Add code pointers

author: Jon Bratseth <bratseth@verizonmedia.com> 2019-02-18 15:19:46 +0100
committer: Jon Bratseth <bratseth@verizonmedia.com> 2019-02-18 15:19:46 +0100
commit: fbaf43ef6e0f1be149ad1a7dce11a541d485fb2c (patch)
tree: 49a589012bd76f6f8dd8bbbb3ddc3cd4ff6b16ea
parent: a2eb3041fbcdc53be8f04c190faccad62f20077b (diff)
1 files changed, 49 insertions, 13 deletions
diff --git a/TODO.md b/TODO.md
index 74cbdf7c6ca..7f6a17bf082 100644
--- a/TODO.md
+++ b/TODO.md
@@ -2,7 +2,8 @@
 # List of possible future enhancements and features
 
 This lists some possible improvements to Vespa which have been considered or requested, can be developed relatively 
-independently of other work and are not yet under development.
+independently of other work, and are not yet under development.
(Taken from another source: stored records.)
Lemma ext_value_uniq {k} {B : 'M[M]_k} {V1 V2} :
  ext_value Om f B V1 -> ext_value Om f B V2 -> V1 = V2.
Proof.
move=> [X1 [S1 [T1 [k0 [[e1 e1'] [O1 [eB ->]]]]]]].
move=> [X2 [S2 [T2 [_ [[e2 e2'] [O2 [eB2 ->]]]]]]].
have eX2 : X2 = mxlact (T2 *m S1) (mxract X1 (T1 *m S2)).
  have <- : mxlact T2 (mxract (mxlact S2 (mxract X2 T2)) S2) = X2.
    by mxact_normalize; rewrite e2' mxlact1 mxract1.
  by rewrite -eB2 eB; mxact_normalize.
have inv : mxinverse (T2 *m S1) (T1 *m S2).
  by split; rewrite mulmxA -[X in X *m _]mulmxA ?e1 ?e2 mulmx1.
have := (proj2 Hf) k X1 _ _ k0 inv O1; rewrite -eX2 => /(_ O2) ->.
by mxact_normalize; rewrite mulmxA e2 mul1mx -mulmxA e2 mulmx1.
Qed.

Lemma ftildeE {k} {B : 'M[M]_k} {X S T} : (0 < k)%N -> mxinverse S T -> Om k X ->
  B = mxlact S (mxract X T) -> F B = mxlact S (mxract (f k X) T).
Proof.
move=> k0 inv OX eB.
have fB : ext_value Om f B (mxlact S (mxract (f k X) T)) by exists X, S, T.
exact: ext_value_uniq (epsilon_spec _ _ (ex_intro _ _ fB)) fB.
Qed.

(* Conjugating [P 0; 0 Q] by [1 A; 0 1] leaves it fixed exactly when P A = A Q;
   applying f to both sides of this identity gives f(P) A = A f(Q). *)
Lemma nc_function_intertwine {k m} {P : 'M[M]_k} {Q : 'M[M]_m} {A : 'M[R]_(k, m)} :
  (0 < k)%N -> (0 < m)%N -> Om k P -> Om m Q -> mxract P A = mxlact A Q ->
  mxract (f k P) A = mxlact A (f m Q).
Proof.
move=> k0 m0 OP OQ PA_AQ.
have OPQ := HOm k m P Q k0 m0 OP OQ.
have km0 : (0 < k + m)%N by rewrite addn_gt0 k0.
have inv : mxinverse (block_mx 1%:M A 0 1%:M) (block_mx 1%:M (-A) 0 1%:M).
  by split; rewrite mulmx_block !mul1mx !mulmx1 !mul0mx !mulmx0 !addr0 !add0r
    ?addNr ?addrN -scalar_mx_block.
have conjE (V : lmodType R) (P' : 'M[V]_k) (Q' : 'M[V]_m) :
    mxlact (block_mx 1%:M A 0 1%:M) (mxract (block_mx P' 0 0 Q') (block_mx 1%:M (-A) 0 1%:M))
    = block_mx P' (mxlact A Q' - mxract P' A) 0 Q'.
  rewrite mxract_block mxlact_block !mxract1 !mxract0l !mxract0r mxractNr.
  by rewrite !mxlact1 !mxlact0l !addr0 !add0r mxlact0r addr0 addrC.
have := (proj2 Hf) (k + m)%N _ _ _ km0 inv OPQ.
rewrite conjE -PA_AQ subrr => /(_ OPQ).
rewrite (proj1 Hf k m P Q k0 m0 OP OQ) conjE.
by case/eq_block_mx => _ /eqP; rewrite eq_sym subr_eq0 => /eqP.
Qed.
For more information on the code structure in Vespa, see
+[Code-map.md](Code-map.md).
 
 ## Query tracing including content nodes
 
@@ -16,16 +17,9 @@ the container, not in the content nodes. This is to implement similar tracing ca
 integrating trace information from each content node into the container level trace. This would make it easier to 
 understand the execution and performance consequences of various query expressions.
 
-## Change search protocol from fnet to RPC
-
-**Effort:** Low<br/>
-**Difficulty:** Low<br/>
-**Skills:** Java, C++, networking
+**Code pointers:**
+- [Container-level tracing](https://github.com/vespa-engine/vespa/blob/master/processing/src/main/java/com/yahoo/processing/execution/Execution.java#L245=)
 
-Currently, search requests happens over a very old custom protocol called "fnet". While this is efficient, it is hard to extend. 
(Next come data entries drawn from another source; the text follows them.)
Section DeformationRetract.
Variables (S R Q : comPzRingType) (phi : {rmorphism S -> R}) (W : S)
  (I : finType) (p : I -> bool) (D : I -> I -> R)
  (n : nat) (t : 'I_n -> R) (q : {rmorphism R -> Q})
  (sigma : Q -> KT R n) (h : KT R n -> KT R n).
Hypotheses (mf : is_mf phi p D W)
  (lin_sigma : slin (scaleQ phi q) (scaleK (n:=n) phi) sigma)
  (lin_h : slin (scaleK (n:=n) phi) (scaleK (n:=n) phi) h)
  (sigma_deg0 : forall a, deg_supp 0 (sigma a))
  (kdelta_sigma : forall a, kdelta t (sigma a) = 0)
  (h_deg : forall k f, deg_supp k f -> deg_supp k.+1 (h f))
  (pi_sigma : forall a, piK q (sigma a) = a)
  (sigma_pi : forall f, sigma (piK q f) = f + kdelta t (h f) + h (kdelta t f))
  (h_sqr : forall f, h (h f) = 0)
  (h_sigma : forall a, h (sigma a) = 0)
  (pi_h : forall f, piK q (h f) = 0).

Let hA : {additive KT R n -> KT R n} := HB.pack h
  (GRing.isNmodMorphism.Build _ _ h
     (slin_nmod_morphism (scaleK1 phi (n := n)) (scaleK1 phi (n := n)) lin_h)).
Let sigmaA : {additive Q -> KT R n} := HB.pack sigma
  (GRing.isNmodMorphism.Build _ _ sigma
     (slin_nmod_morphism (scaleQ1 phi q) (scaleK1 phi (n := n)) lin_sigma)).

Lemma sigma_inf_retract :
  [/\ slin (scaleXQ (I:=I) phi q) (scaleXK (I:=I) (n:=n) phi) (sigma_inf p D h sigma),
      parXQ_XK p false (sigma_inf p D h sigma),
      (forall y, DXK t p D (sigma_inf p D h sigma y) = sigma_inf p D h sigma (dXQ q D y)),
      (forall y, piXK q (sigma_inf p D h sigma y) = y) &
      (forall x, sigma_inf p D h sigma (piXK q x)
                 = x + DXK t p D (h_inf p D h x) + h_inf p D h (DXK t p D x))].
Proof.
have [DXK_sigma_inf piXK_sigma_inf sigma_inf_piXK] :=
  perturb_retract (hd_nilpotent p D (h := hA) h_deg) (dXK_sqr mf)
    (hXK_scaleXK p (slin_scale lin_h (raddf0 hA) W)) (dXK_hXK_kdelta t mf.1)
    (sigmaXQ_piXK p (h := hA) (sigma := sigmaA) sigma_pi)
    (hXK_comp_eq0 p (f := hA) h_sqr) (hXK_sigmaXQ p (sigma := sigmaA) h_sigma)
    (piXK_hXK p pi_h) (hXK_sigmaXQ p (sigma := sigmaA) kdelta_sigma)
    (piXK_sigmaXQ (sigma := sigmaA) pi_sigma) (piXK_dXK q D).
split=> //; first exact: slin_comp (sigmaXQ_slin lin_sigma) (perturb_slin p D (h := hA) lin_h).
move=> b y /(sigmaXQ_homXK (sigma := sigmaA) sigma_deg0); rewrite addbF.
exact: (perturb_homXK (h := hA) h_deg mf.1).
Qed.

Lemma pi_homotopy_equivalence_sigma_inf :
  (forall j, q (t j) = 0) -> pi_homotopy_equivalence phi q t p D.
Proof.
move=> q_t; have [lin_sigma_inf even_sigma_inf DXK_sigma_inf piXK_sigma_inf retract]
  := sigma_inf_retract.
split; [exact: piXK_slin | | exact: piXK_DXK | exists (sigma_inf p D h sigma); split=> //].
- by move=> b x /piXK_homXQ; rewrite addbF.
- exists (h_inf p D h); split=> //.
    exact: slin_comp (hXK_slin p lin_h) (perturb_slin p D (h := hA) lin_h).
  move=> b x /(hXK_homXK (h := hA) h_deg); rewrite addbT.
  exact: (perturb_homXK (h := hA) h_deg mf.1).
- exists (fun _ => 0); split=> [s x y | b y _ i | y].
  + by rewrite addr0; apply/ffunP => i; rewrite !ffunE /scaleQ mulr0.
  + by rewrite ffunE eqxx.
  + by rewrite piXK_sigma_inf raddf0 !addr0.
Qed.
-We want to replace it by RPC calls. 
-An RPC alternative is already implemented for summary fetch requests, but not for search requests.
-The largest part of this work is to encode the Query object as a Slime structure in Java and decode that structure in C++.
 
 ## Support query profiles for document processors
 
@@ -38,6 +32,11 @@ bundles of parameters accessible to Searchers processing queries. Writes go thro
 Document Processors, but have no equivalent support for parametrization. This is to allow configuration of document 
 processor profiles by reusing the query profile support also for document processors.
 
+**Code pointers:**
+- [Query profiles](https://github.com/vespa-engine/vespa/blob/master/container-search/src/main/java/com/yahoo/search/query/profile/QueryProfile.java)
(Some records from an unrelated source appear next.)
Lemma qform_invmx_mulV n (A : 'M[R]_n) x : A^T = A -> A \in unitmx ->
  qform (invmx A) (A *m x) = qform A x.
Proof. by move=> sA uA; rewrite /qform trmx_mul sA !mulmxA mulmxKV. Qed.

Lemma posdef_inv n (A : 'M[R]_n) : posdef A -> posdef (invmx A).
Proof.
move=> pdA; have uA := posdef_unit pdA; case: pdA => sA pA.
split; first exact: invmx_sym.
move=> x nz; rewrite -/(qform _ x) -qform_invmx_mul //; apply: pA.
by apply: contraNneq nz => h; rewrite -(mulKVmx uA x) h mulmx0.
Qed.

Lemma diag_mx_sym n (A : 'M[R]_n) : is_diag_mx A -> A^T = A.
Proof.
move/is_diag_mxP=> dA; apply/matrixP=> i j; rewrite mxE.
by have [->|ne] := eqVneq i j; rewrite // !dA // eq_sym.
Qed.

Lemma qform_diag n (A : 'M[R]_n) x : is_diag_mx A ->
  qform A x = \sum_i A i i * x i 0 ^+ 2.
Proof.
move/is_diag_mxP=> dA; rewrite /qform mxE; apply: eq_bigr => j _.
rewrite mxE (bigD1 j) //= big1 ?addr0 => [|k kj]; last by rewrite dA ?mulr0.
by rewrite [x^T 0 j]mxE; ring.
Qed.

Lemma diagpos_posdef n (A : 'M[R]_n) : diagpos A -> posdef A.
Proof.
case=> dA pA; split; first exact: diag_mx_sym.
move=> x nz; rewrite -/(qform A x) qform_diag //.
have [i xi] : exists i, x i 0 != 0.
  apply/existsP; apply: contraR nz => /existsPn x0.
  by apply/eqP/matrixP=> i j; rewrite (ord1 j) mxE; apply/eqP/negPn/x0.
rewrite (bigD1 i) //=; apply: ltr_pwDl.
  by rewrite mulr_gt0 // lt_def sqr_ge0 sqrf_eq0 xi.
by apply: sumr_ge0 => k _; rewrite mulr_ge0 ?sqr_ge0 ?ltW.
Qed.

End PositiveDefinite.

Section Lcal.
Variables (R : realFieldType) (m n : nat) (P : 'M[R]_(m, n)).

Lemma Lcal_invmx S : S \in unitmx ->
  Lcal P (invmx S) P (invmx S) = P^T *m S *m P.
Proof.
move=> uS; rewrite /Lcal invmxK -!mulmxA (mulmxA (invmx S)) mulVmx //.
by rewrite mul1mx addrK.
Qed.

Lemma Lcal_sym D Db : D^T = D -> Db^T = Db -> (Lcal P D P Db)^T = Lcal P D P Db.
Proof.
move=> sD sDb; rewrite /Lcal linearB linearD /= !trmx_mul !trmxK trmx_inv sD.
by rewrite sDb !mulmxA addrC.
Qed.

Lemma tr_mulmx_sym S : S^T = S -> (P^T *m S *m P)^T = P^T *m S *m P.
Proof. by move=> sS; rewrite !trmx_mul trmxK sS mulmxA. Qed.

(* The L-block is a linearisation of P^T Sh^-1 P around Sh = S^-1; the
   linearisation error is an exact square. *)
Lemma qform_Lcal_gap S Sh y : S^T = S -> Sh^T = Sh -> Sh \in unitmx ->
  qform (P^T *m invmx Sh *m P) y - qform (Lcal P (invmx S) P Sh) y
  = qform Sh ((invmx Sh - S) *m P *m y).
Proof.
move=> sS sSh uSh.
have sD : (invmx Sh - S)^T = invmx Sh - S by rewrite linearB /= invmx_sym ?sS.
rewrite /qform /Lcal invmxK !trmx_mul sD.
rewrite ?(mulmxBl, mulmxBr, mulmxDl, mulmxDr, mulmxN, mulNmx) !mulmxA.
by rewrite ?mulmxK ?mulmxKV // ?(mxE_add, mxE_opp); ring.
Qed.

End Lcal.

Section LMI.
Variables (R : realFieldType) (m1 m2 n : nat).
Variables (P1 : 'M[R]_(m1, n)) (P2 : 'M[R]_(m2, n)) (v : R) (w : 'rV[R]_n).

Lemma cond3_sym b1 b2 (T1 : 'M[R]_m1) (T2 : 'M[R]_m2) :
  T1^T = T1 -> T2^T = T2 ->
  (cond3 P1 P2 v w b1 b2 T1 T2)^T = cond3 P1 P2 v w b1 b2 T1 T2.
Proof.
move=> s1 s2; rewrite /cond3 sym2_sym ?tr_mulmx_sym //.
by rewrite sym2_sym ?trmx11 ?tr_mulmx_sym.
Qed.

Lemma lmi5_sym S1 S2 b1 b2 Sh1 Sh2 :
  S1^T = S1 -> S2^T = S2 -> Sh1^T = Sh1 -> Sh2^T = Sh2 ->
  (lmi5 P1 P2 v w S1 S2 b1 b2 Sh1 Sh2)^T = lmi5 P1 P2 v w S1 S2 b1 b2 Sh1 Sh2.
Proof.
move=> s1 s2 sh1 sh2.
rewrite /lmi5 sym2_sym ?Lcal_sym ?invmx_sym // sym2_sym ?Lcal_sym ?invmx_sym //.
by rewrite sym2_sym ?trmx11 ?sym2_sym.
Qed.

Lemma qform_cond3 b1 b2 T1 T2 c y1 y2 :
  qform (cond3 P1 P2 v w b1 b2 T1 T2) (col_mx (col_mx c%:M y1) y2) =
  c ^+ 2 * (2 * v - qform T1 b1 - qform T2 b2)
  + 2 * (c * (w *m y1) 0 0) + qform (P1^T *m T1 *m P1) y1
  + 2 * (c * (w *m y2) 0 0) + qform (P2^T *m T2 *m P2) y2.
Proof.
rewrite /cond3 !qform_sym2 ?bform_col ?bform0 ?bform_scalar_l qform_scalar.
rewrite ?(mxE_add, mxE_opp) scalar_mx11E -/(qform T1 b1) -/(qform T2 b2); ring.
Qed.

Lemma qform_lmi5 S1 S2 b1 b2 Sh1 Sh2 u1 u2 c y1 y2 :
  qform (lmi5 P1 P2 v w S1 S2 b1 b2 Sh1 Sh2)
     (col_mx (col_mx (col_mx (col_mx u1 u2) c%:M) y1) y2) =
  qform Sh1 u1 + qform Sh2 u2 + 2 * (c * vdot u1 b1 + c * vdot u2 b2)
  + c ^+ 2 * (2 * v)
  + 2 * (c * (w *m y1) 0 0) + qform (Lcal P1 (invmx S1) P1 Sh1) y1
  + 2 * (c * (w *m y2) 0 0) + qform (Lcal P2 (invmx S2) P2 Sh2) y2.
Proof.
rewrite /lmi5 !qform_sym2 ?col_mx0 ?bform_col ?bform0 ?bform_scalar_r.
by rewrite ?bform_scalar_l qform_scalar scalar_mx11E; ring.
Qed.

Lemma qform_lmi5_invmx S1 S2 b1 b2 u1 u2 c y1 y2 :
  S1^T = S1 -> S2^T = S2 -> S1 \in unitmx -> S2 \in unitmx ->
  qform (lmi5 P1 P2 v w S1 S2 b1 b2 (invmx S1) (invmx S2))
     (col_mx (col_mx (col_mx (col_mx u1 u2) c%:M) y1) y2) =
  qform (invmx S1) (u1 + c *: (S1 *m b1))
  + qform (invmx S2) (u2 + c *: (S2 *m b2))
  + qform (cond3 P1 P2 v w b1 b2 S1 S2) (col_mx (col_mx c%:M y1) y2).
Proof.
move=> s1 s2 u1S u2S.
rewrite qform_lmi5 qform_cond3 !Lcal_invmx // !qformD ?invmx_sym //.
rewrite !bformZr !qformZ.
rewrite /bform !mulmxA !mulmxKV // -/(vdot u1 b1) -/(vdot u2 b2).
by rewrite !qform_invmx_mulV //; ring.
Qed.

Lemma qform_cond3_invmx S1 S2 b1 b2 Sh1 Sh2 c y1 y2 :
  S1^T = S1 -> S2^T = S2 -> Sh1^T = Sh1 -> Sh2^T = Sh2 ->
  Sh1 \in unitmx -> Sh2 \in unitmx ->
  let u1 := - (c *: (invmx Sh1 *m b1)) in
  let u2 := - (c *: (invmx Sh2 *m b2)) in
  qform (cond3 P1 P2 v w b1 b2 (invmx Sh1) (invmx Sh2))
    (col_mx (col_mx c%:M y1) y2) =
  qform (lmi5 P1 P2 v w S1 S2 b1 b2 Sh1 Sh2)
     (col_mx (col_mx (col_mx (col_mx u1 u2) c%:M) y1) y2)
  + qform Sh1 ((invmx Sh1 - S1) *m P1 *m y1)
  + qform Sh2 ((invmx Sh2 - S2) *m P2 *m y2).
Proof.
move=> s1 s2 sh1 sh2 uh1 uh2 u1 u2.
rewrite -(qform_Lcal_gap _ _ s1 sh1 uh1) -(qform_Lcal_gap _ _ s2 sh2 uh2).
rewrite qform_lmi5 qform_cond3 /u1 /u2 !qformN !qformZ !qform_invmx_mul //.
rewrite !vdotN !vdotZ /vdot !trmx_mul !invmx_sym //.
by rewrite -/(qform (invmx Sh1) b1) -/(qform (invmx Sh2) b2); ring.
Qed.

Lemma cond3_lmi5 S1 S2 b1 b2 : posdef S1 -> posdef S2 ->
  posdef (cond3 P1 P2 v w b1 b2 S1 S2) ->
  posdef (lmi5 P1 P2 v w S1 S2 b1 b2 (invmx S1) (invmx S2)).
Proof.
move=> pd1 pd2 pdX; have [s1 _] := pd1; have [s2 _] := pd2.
have pi1 := posdef_inv pd1; have pi2 := posdef_inv pd2.
split; first by rewrite lmi5_sym ?invmx_sym.
move=> z; rewrite -/(qform _ z).
have [Z4 [y2 ->]] := col_mx_split z; have [Z3 [y1 ->]] := col_mx_split Z4.
have [U [t ->]] := col_mx_split Z3; have [u1 [u2 ->]] := col_mx_split U.
have [c ->] : exists c, t = c%:M by exists (t 0 0); apply: mx11_scalar.
move=> nz; rewrite qform_lmi5_invmx ?posdef_unit //.
set x := col_mx (col_mx _ y1) y2.
have ge1 := posdef_qform_ge0 (u1 + c *: (S1 *m b1)) pi1.
have ge2 := posdef_qform_ge0 (u2 + c *: (S2 *m b2)) pi2.
have [x0|xn0] := eqVneq x 0; last first.
  by have := pdX.2 x xn0; rewrite /qform in ge1 ge2 *; lra.
move/eqP: (x0); rewrite !col_mx_eq0 => /andP[/andP[/eqP cM0 /eqP y10] /eqP y20].
have c0 : c = 0 by rewrite -(scalar_mx11E c) cM0 mxE.
rewrite x0 qform0 c0 !scale0r !addr0 in ge1 ge2 *.
have /orP[nz1|nz2] : (u1 != 0) || (u2 != 0).
  apply: contraNT nz; rewrite negb_or !negbK => /andP[/eqP-> /eqP->].
  by rewrite cM0 y10 y20 !col_mx0.
- by have := pi1.2 _ nz1; rewrite /qform in ge2 *; lra.
- by have := pi2.2 _ nz2; rewrite /qform in ge1 *; lra.
Qed.

Lemma lmi5_cond3 S1 S2 b1 b2 Sh1 Sh2 : S1^T = S1 -> S2^T = S2 ->
  posdef Sh1 -> posdef Sh2 ->
  posdef (lmi5 P1 P2 v w S1 S2 b1 b2 Sh1 Sh2) ->
  posdef (cond3 P1 P2 v w b1 b2 (invmx Sh1) (invmx Sh2)).
Proof.
move=> s1 s2 pdh1 pdh2 pdL; have [sh1 _] := pdh1; have [sh2 _] := pdh2.
split; first by rewrite cond3_sym ?invmx_sym.
move=> x; rewrite -/(qform _ x).
have [X3 [y2 ->]] := col_mx_split x; have [t [y1 ->]] := col_mx_split X3.
have [c ->] : exists c, t = c%:M by exists (t 0 0); apply: mx11_scalar.
move=> nz; rewrite (qform_cond3_invmx (S1 := S1) (S2 := S2)) ?posdef_unit //.
rewrite -addrA; apply: ltr_wpDr; first by rewrite addr_ge0 ?posdef_qform_ge0.
apply: pdL.2; apply: contraNneq nz => /eqP; rewrite !col_mx_eq0.
by move=> /andP[/andP[/andP[_ /eqP->] /eqP->] /eqP->]; rewrite !eqxx.
Qed.

End LMI.

Theorem theorem3 (R : realFieldType) (nx nu ml mh mx mu : nat)
    (Pl : 'M[R]_(ml, nx)) (Ph : 'M[R]_(mh, nx))
    (Vx : 'M[R]_(mx, nx)) (vx : 'cV[R]_mx)
    (Vu : 'M[R]_(mu, nu)) (vu : 'cV[R]_mu) :
  (* (a) *)
  (forall (i : 'I_mx) (bl : 'cV[R]_ml) (bh : 'cV[R]_mh)
          (Sl : 'M[R]_ml) (Sh : 'M[R]_mh),
      diagpos Sl -> diagpos Sh ->
      posdef (cond3 Pl Ph (vx i 0) (row i Vx) bl bh Sl Sh) ->
      posdef (lmi5 Pl Ph (vx i 0) (row i Vx) Sl Sh bl bh (invmx Sl) (invmx Sh))
      /\
      (forall (bbl : 'cV[R]_ml) (bbh : 'cV[R]_mh)
              (Shl : 'M[R]_ml) (Shh : 'M[R]_mh),
          diagpos Shl -> diagpos Shh ->
          posdef (lmi5 Pl Ph (vx i 0) (row i Vx) Sl Sh bbl bbh Shl Shh) ->
          posdef (cond3 Pl Ph (vx i 0) (row i Vx) bbl bbh
                        (invmx Shl) (invmx Shh))))
  /\
  (* (b) *)
  (forall (i : 'I_mu) (K : 'M[R]_(nu, nx)) (bl : 'cV[R]_ml) (bh : 'cV[R]_mh)
          (Rl : 'M[R]_ml) (Rh : 'M[R]_mh),
      diagpos Rl -> diagpos Rh ->
      posdef (cond3 Pl Ph (vu i 0) (row i Vu *m K) bl bh Rl Rh) ->
      posdef (lmi5 Pl Ph (vu i 0) (row i Vu *m K) Rl Rh bl bh
                   (invmx Rl) (invmx Rh))
      /\
      (forall (KK : 'M[R]_(nu, nx)) (bbl : 'cV[R]_ml) (bbh : 'cV[R]_mh)
              (Rhl : 'M[R]_ml) (Rhh : 'M[R]_mh),
          diagpos Rhl -> diagpos Rhh ->
          posdef (lmi5 Pl Ph (vu i 0) (row i Vu *m KK) Rl Rh bbl bbh Rhl Rhh) ->
          posdef (cond3 Pl Ph (vu i 0) (row i Vu *m KK) bbl bbh
                        (invmx Rhl) (invmx Rhh)))).
Proof.
split=> [i bl bh Sl Sh /diagpos_posdef pl /diagpos_posdef ph pdX
        |i K bl bh Rl Rh /diagpos_posdef pl /diagpos_posdef ph pdU].
  split=> [|bbl bbh Shl Shh /diagpos_posdef phl /diagpos_posdef phh].
    exact: cond3_lmi5.
  exact: lmi5_cond3 pl.1 ph.1 phl phh.
split=> [|KK bbl bbh Rhl Rhh /diagpos_posdef phl /diagpos_posdef phh].
  exact: cond3_lmi5.
exact: lmi5_cond3 pl.1 ph.1 phl phh.
Qed.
+- [Document processors](https://github.com/vespa-engine/vespa/blob/master/docproc/src/main/java/com/yahoo/docproc/DocumentProcessor.java)
+
+
 ## Background reindexing
 
 **Effort:** Medium<br/>
@@ -48,10 +47,32 @@ Some times there is a need to reindex existing data to refresh the set of tokens
 definition changes impacts the tokens produced, and changing versions of linguistics libraries also cause token changes. 
 As content clusters store the raw data of documents it should be possible to reindex locally inside clusters in the 
 background. However, today this is not supported and content need to be rewritten from the outside to refresh tokens, 
-which is inconvenient and suboptimal. This is to support (scheduled or triggered) backgroun reindexing from local data. 
+which is inconvenient and suboptimal. This is to support (scheduled or triggered) background reindexing from local data. 
 This can be achieved by configuring a message bus route which feeds content from a cluster back to itself through the 
 indexing container cluster and triggering a visiting job using this route.
 
+**Code pointers:**
+- Document API which can be used to receive a dumpt of documents: [DocumentAccess](https://github.com/vespa-engine/vespa/blob/master/documentapi/src/main/java/com/yahoo/documentapi/DocumentAccess.java)
+
+
+## Change search protocol from fnet to RPC
+
+**Effort:** Medium<br/>
+**Difficulty:** Low<br/>
+**Skills:** Java, C++, networking
+
+Currently, search requests happens over a very old custom protocol called "fnet". While this is efficient, it is hard to extend. 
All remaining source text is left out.